■ Problem to solve ■
Return the records below exactly as they are written.

-*-*-

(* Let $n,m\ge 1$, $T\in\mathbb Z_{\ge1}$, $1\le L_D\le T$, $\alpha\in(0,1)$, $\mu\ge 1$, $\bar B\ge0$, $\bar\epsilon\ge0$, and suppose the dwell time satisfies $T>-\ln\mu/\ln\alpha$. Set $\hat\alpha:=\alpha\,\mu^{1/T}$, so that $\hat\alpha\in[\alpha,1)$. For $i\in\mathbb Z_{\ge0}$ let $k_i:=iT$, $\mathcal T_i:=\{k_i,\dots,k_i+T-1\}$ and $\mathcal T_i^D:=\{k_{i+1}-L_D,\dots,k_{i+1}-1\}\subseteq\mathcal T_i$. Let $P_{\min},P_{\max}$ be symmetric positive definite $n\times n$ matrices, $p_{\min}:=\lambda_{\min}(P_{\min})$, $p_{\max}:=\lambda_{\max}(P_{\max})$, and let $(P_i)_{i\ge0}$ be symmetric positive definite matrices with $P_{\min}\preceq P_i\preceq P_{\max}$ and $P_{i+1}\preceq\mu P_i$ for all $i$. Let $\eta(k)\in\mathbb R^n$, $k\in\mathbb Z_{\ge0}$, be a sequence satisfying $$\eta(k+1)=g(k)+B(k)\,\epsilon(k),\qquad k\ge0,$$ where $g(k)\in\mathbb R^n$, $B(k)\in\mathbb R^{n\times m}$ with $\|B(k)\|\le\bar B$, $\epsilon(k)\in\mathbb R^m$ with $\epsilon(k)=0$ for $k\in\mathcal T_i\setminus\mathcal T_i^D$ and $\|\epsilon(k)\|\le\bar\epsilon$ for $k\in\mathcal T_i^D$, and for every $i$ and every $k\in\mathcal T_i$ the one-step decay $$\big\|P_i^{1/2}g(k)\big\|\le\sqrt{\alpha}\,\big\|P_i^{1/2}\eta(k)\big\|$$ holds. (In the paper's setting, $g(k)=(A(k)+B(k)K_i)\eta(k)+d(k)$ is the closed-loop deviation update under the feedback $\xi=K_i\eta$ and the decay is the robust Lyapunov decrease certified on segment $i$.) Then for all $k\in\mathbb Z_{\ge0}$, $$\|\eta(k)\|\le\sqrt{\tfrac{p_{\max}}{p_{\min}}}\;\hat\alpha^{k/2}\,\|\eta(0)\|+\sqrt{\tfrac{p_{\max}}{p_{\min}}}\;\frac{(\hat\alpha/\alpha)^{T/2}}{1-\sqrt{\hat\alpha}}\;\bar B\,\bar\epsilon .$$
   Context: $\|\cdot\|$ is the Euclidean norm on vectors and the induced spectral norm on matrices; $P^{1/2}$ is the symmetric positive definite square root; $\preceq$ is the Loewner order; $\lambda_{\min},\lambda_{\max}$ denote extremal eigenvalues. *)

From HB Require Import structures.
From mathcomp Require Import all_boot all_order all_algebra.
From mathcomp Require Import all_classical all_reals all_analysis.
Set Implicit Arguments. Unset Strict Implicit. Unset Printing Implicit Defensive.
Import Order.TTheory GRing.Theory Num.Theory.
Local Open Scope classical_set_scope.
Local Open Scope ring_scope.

-*-*-

■ Answer for this exercise ■
(* Let $n,m\ge 1$, $T\in\mathbb Z_{\ge1}$, $1\le L_D\le T$, $\alpha\in(0,1)$, $\mu\ge 1$, $\bar B\ge0$, $\bar\epsilon\ge0$, and suppose the dwell time satisfies $T>-\ln\mu/\ln\alpha$. Set $\hat\alpha:=\alpha\,\mu^{1/T}$, so that $\hat\alpha\in[\alpha,1)$. For $i\in\mathbb Z_{\ge0}$ let $k_i:=iT$, $\mathcal T_i:=\{k_i,\dots,k_i+T-1\}$ and $\mathcal T_i^D:=\{k_{i+1}-L_D,\dots,k_{i+1}-1\}\subseteq\mathcal T_i$. Let $P_{\min},P_{\max}$ be symmetric positive definite $n\times n$ matrices, $p_{\min}:=\lambda_{\min}(P_{\min})$, $p_{\max}:=\lambda_{\max}(P_{\max})$, and let $(P_i)_{i\ge0}$ be symmetric positive definite matrices with $P_{\min}\preceq P_i\preceq P_{\max}$ and $P_{i+1}\preceq\mu P_i$ for all $i$. Let $\eta(k)\in\mathbb R^n$, $k\in\mathbb Z_{\ge0}$, be a sequence satisfying $$\eta(k+1)=g(k)+B(k)\,\epsilon(k),\qquad k\ge0,$$ where $g(k)\in\mathbb R^n$, $B(k)\in\mathbb R^{n\times m}$ with $\|B(k)\|\le\bar B$, $\epsilon(k)\in\mathbb R^m$ with $\epsilon(k)=0$ for $k\in\mathcal T_i\setminus\mathcal T_i^D$ and $\|\epsilon(k)\|\le\bar\epsilon$ for $k\in\mathcal T_i^D$, and for every $i$ and every $k\in\mathcal T_i$ the one-step decay $$\big\|P_i^{1/2}g(k)\big\|\le\sqrt{\alpha}\,\big\|P_i^{1/2}\eta(k)\big\|$$ holds. (In the paper's setting, $g(k)=(A(k)+B(k)K_i)\eta(k)+d(k)$ is the closed-loop deviation update under the feedback $\xi=K_i\eta$ and the decay is the robust Lyapunov decrease certified on segment $i$.) Then for all $k\in\mathbb Z_{\ge0}$, $$\|\eta(k)\|\le\sqrt{\tfrac{p_{\max}}{p_{\min}}}\;\hat\alpha^{k/2}\,\|\eta(0)\|+\sqrt{\tfrac{p_{\max}}{p_{\min}}}\;\frac{(\hat\alpha/\alpha)^{T/2}}{1-\sqrt{\hat\alpha}}\;\bar B\,\bar\epsilon .$$
   Context: $\|\cdot\|$ is the Euclidean norm on vectors and the induced spectral norm on matrices; $P^{1/2}$ is the symmetric positive definite square root; $\preceq$ is the Loewner order; $\lambda_{\min},\lambda_{\max}$ denote extremal eigenvalues. *)

From HB Require Import structures.
From mathcomp Require Import all_boot all_order all_algebra.
From mathcomp Require Import all_classical all_reals all_analysis.
Set Implicit Arguments. Unset Strict Implicit. Unset Printing Implicit Defensive.
Import Order.TTheory GRing.Theory Num.Theory.
Local Open Scope classical_set_scope.
Local Open Scope ring_scope.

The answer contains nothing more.